Give me the rational numbers between 1 and 2.
I got the answer from a book that is; 5/4,11/8,13/8,and 7/4.
But i dont know how got it? I want the detailed description?
let $\displaystyle n, n+1\in \mathbb{Z}$, that is let them be consecutive integers. Then here is a list of infinitely many rational numbers in between these.
$\displaystyle \{n+\frac{1}{2}, n+\frac{1}{3}, n+\frac{1}{4},n+\frac{1}{4}, n+\frac{1}{5},...,n+\frac{1}{i},... \}$ where i is any positive integer.
also, the numerator need not necessarily be 1, as long as the numerator is less than the denominator, if you add that number to n it will still be in between these numbers.
I'm thinking it might help if you posted the detailed exercise...?
At a guess, you've been given a list of values, from which you are to choose those which are rationals.
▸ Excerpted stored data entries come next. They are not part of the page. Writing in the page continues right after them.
(* [profile_color] predicts the SWL colour of a simplex from the sorted list of its
   vertex colours, in a triangle-free complex where every vertex of colour [r] has
   exactly one neighbour of colour [nextc r] and one of colour [prevc r]. *)
Section ColorProfile.
Variables nextc prevc : nat -> nat.

Definition boundary_profile (x : seq nat) : seq (seq nat) :=
  if x is [:: r1; r2] then [:: [:: r1]; [:: r2]] else [::].

Definition upper_profile (x : seq nat) : seq (seq nat * seq nat) :=
  if x is [:: r] then [:: ([:: nextc r], sort leq [:: r; nextc r]);
                          ([:: prevc r], sort leq [:: r; prevc r])]
  else [::].

Fixpoint profile_color (t : nat) (x : seq nat) : color :=
  match t with
  | 0 => GenTree.Node 0 [seq GenTree.Leaf n | n <- x]
  | t'.+1 => GenTree.Node 1
      [:: profile_color t' x;
          GenTree.Node 2 (msort (map (profile_color t') (boundary_profile x)));
          GenTree.Node 3 (msort [seq GenTree.Node 4 [:: profile_color t' q.1;
                                                      profile_color t' q.2]
                                | q <- upper_profile x])]
  end.

End ColorProfile.

Section CycleCover.
Variables (V : finType) (s p : V -> V) (c : V -> nat) (nextc prevc : nat -> nat).
Local Notation E := (cycle_rel s).
Hypotheses (sK : cancel s p) (pK : cancel p s).
Hypotheses (s_nofix : forall v, s v != v) (s2_nofix : forall v, s (s v) != v).
Hypothesis triangle_free : forall x y z, E x y -> E y z -> E x z -> False.
Hypotheses (c_next : forall v, c (s v) = nextc (c v))
           (c_prev : forall v, c (p v) = prevc (c v)).

Lemma neq_s v : v != s v. Proof. by rewrite eq_sym. Qed.

Lemma neq_p v : v != p v. Proof. by have := s_nofix (p v); rewrite pK. Qed.

Lemma s_neq_p v : s v != p v.
Proof. by apply: contra (s2_nofix v) => /eqP ->; rewrite pK. Qed.

Lemma simplex_edge v : simplex E [set v; s v].
Proof.
by rewrite simplex_pair ?neq_s //; [rewrite /cycle_rel eqxx | apply: cycle_rel_sym].
Qed.

Lemma simplexP t : simplex E t ->
  (exists v, t = [set v]) \/ (exists v, t = [set v; s v]).
Proof.
move=> simt; have /andP [/set0Pn [x xt] _] := simt.
have [tx | /subsetPn [y yt]] := boolP (t \subset [set x]).
  by left; exists x; apply/eqP; rewrite eqEsubset tx sub1set xt.
rewrite inE => yx; have exy : E x y by apply: simplex_rel simt _ _ _; rewrite // eq_sym.
have -> : t = [set x; y].
  apply/eqP; rewrite eqEsubset; apply/andP; split; last first.
    by apply/subsetP => z /set2P [] ->.
  apply/subsetP => z zt; rewrite !inE; apply/negPn/negP; rewrite negb_or => /andP [zx zy].
  by apply: (triangle_free (z := z) exy); apply: simplex_rel simt _ _ _; rewrite 1?eq_sym.
right; case/orP: exy => /eqP ->; first by exists x.
by exists y; rewrite setUC.
Qed.
Lemma is_tripartition_level (f : V -> 'S_4) (A B C : {set V}) :
  (forall v, f v \in boundary_perms) -> (forall v, v \in A -> f v = pi1) ->
  (forall v, v \in B -> f v = pi2) -> (forall v, v \in C -> f v = 1) ->
  is_tripartition A B C (level f pi1) (level f pi2) (level f 1).
Proof.
move=> f_bp fA fB fC; have /and3P[n12 n1 n2] := boundary_perms_distinct.
have disj P Q : P != Q -> [disjoint level f P & level f Q].
  move=> neqPQ; rewrite -setI_eq0; apply/eqP/setP => v; rewrite !inE.
  by apply/negP => /andP[/eqP-> /eqP eqPQ]; rewrite eqPQ eqxx in neqPQ.
split; rewrite ?disj //; last exact: levels_restrict.
by apply/setP => v; have := f_bp v; rewrite !inE orbA.
Qed.

Lemma levels_tripartition (f : V -> 'S_4) (A B C GA GB GC : {set V}) :
  is_tripartition A B C GA GB GC -> (forall v, v \in GA -> f v = pi1) ->
  (forall v, v \in GB -> f v = pi2) -> (forall v, v \in GC -> f v = 1) ->
  [/\ forall v, f v \in boundary_perms,
      level f pi1 = GA, level f pi2 = GB & level f 1 = GC].
Proof.
case=> _ _ _ cover _ fA fB fC; split.
- move=> v; have : v \in GA :|: GB :|: GC by rewrite cover.
  by rewrite !inE => /orP[/orP[/fA|/fB]|/fC] ->; rewrite eqxx ?orbT.
all: by have [] := levels_restrict fA fB fC; rewrite cover !setTI.
Qed.

Lemma level_cut_sum (f : V -> 'S_4) : (forall v, f v \in boundary_perms) ->
  level_cut f = \sum_e (f (src e) != f (tgt e)).
Proof.
move=> f_bp; rewrite /level_cut /cut_size -card_set_sum; apply: eq_card => e.
rewrite !inE; have [<- | neq] := eqVneq (f (src e)) (f (tgt e)).
  by have := f_bp (src e); rewrite !inE !andbb => ->.
by apply: congr1; apply/negbTE; apply: contra neq => /or3P[] /andP[/eqP-> /eqP->].
Qed.

Lemma energy_level (f : V -> 'S_4) : (forall v, f v \in boundary_perms) ->
  energy src tgt f = (2 * level_cut f)%N.
Proof.
move=> f_bp; rewrite level_cut_sum // big_distrr /=.
by apply: eq_bigr => e _; rewrite cayley_dist_boundary.
Qed.

Lemma sum_level_cut_snap_le (pi : V -> 'S_4) :
  \sum_k level_cut (snap k \o pi) <= 4 * energy src tgt pi.
Proof.
rewrite /energy big_distrr /=.
rewrite (eq_bigr _ (fun k _ => level_cut_sum (fun v => snap_in k (pi v)))) exchange_big.
by apply: leq_sum => e _; exact: sum_snap_neq_le.
Qed.

End Levels.

Lemma minimal_tripartition_cut_eq (V Edg : finType) (src tgt : Edg -> V)
    (A B C GA GB GC GA' GB' GC' : {set V}) :
  minimal_tripartition src tgt A B C GA GB GC ->
  is_tripartition A B C GA' GB' GC' ->
  cut_size src tgt GA' GB' GC' = cut_size src tgt GA GB GC ->
  minimal_tripartition src tgt A B C GA' GB' GC'.
Proof.
by move=> [_ minG] trip' eq_cut; split=> // GA'' GB'' GC'' /minG; rewrite eq_cut.
Qed.

Section Configuration.
Variables (V Edg : finType) (src tgt : Edg -> V) (A B C : {set V}) (pi : V -> 'S_4).
Hypotheses (hA : forall v, v \in A -> pi v = pi1) (hB : forall v, v \in B -> pi v = pi2)
  (hC : forall v, v \in C -> pi v = 1).

Lemma is_tripartition_snap k :
  is_tripartition A B C (level (snap k \o pi) pi1) (level (snap k \o pi) pi2)
    (level (snap k \o pi) 1).
Proof.
apply: is_tripartition_level => [v|v /hA|v /hB|v /hC] /=; first exact: snap_in.
all: by move=> ->; apply: snap_boundary; rewrite !inE eqxx ?orbT.
Qed.

Lemma min_cut_le_sum_snap (GA GB GC : {set V}) :
  minimal_tripartition src tgt A B C GA GB GC ->
  8 * cut_size src tgt GA GB GC <= \sum_k level_cut src tgt (snap k \o pi)
    ?= iff [forall k, cut_size src tgt GA GB GC == level_cut src tgt (snap k \o pi)].
Proof.
case=> _ minG; have <- : #|{: 'I_4 * bool}| = 8 by rewrite card_prod card_ord card_bool.
exact: card_mul_le_sum (fun k => minG _ _ _ (is_tripartition_snap k)).
Qed.

Lemma pinned_of_snap_levels (G : {set V}) P : P \in boundary_perms ->
  (forall k, level (snap k \o pi) P = G) -> forall v, v \in G -> pi v = P.
Proof.
move=> bP levelG v vG; apply: (@snap_const (pi v) P bP) => k.
by move: vG; rewrite -(levelG k) inE => /eqP.
Qed.

End Configuration.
But we cannot begin to help you learn to distinguish the rationals from whatever other sorts of number types are included in the list until we can see that list.
Basically you are looking for any number between 1 and 2 (1.375, 1.001, 1, 1.9999 etc)
I assume that the other answers in your book either A) Lay outside that range or B) The decimal neither ends nor repeats. So basically when doing this sort of problem
1. Look for any fraction with a denominator of zero, these are not rational.
2. Look for any fraction which lays outside the wanted range (1 to 2 in this case)
(Such as if I saw 13/2 I would know that easily was outside)
3. Now you need to work out the other fractions to see if they lay inside the 1-2 range and remember numbers that have a non-ending non-repeating decimal are not rational, the rest are.
(Just to show you the values you gave us come out to 1.25, 1.375, 1.625, 1.75)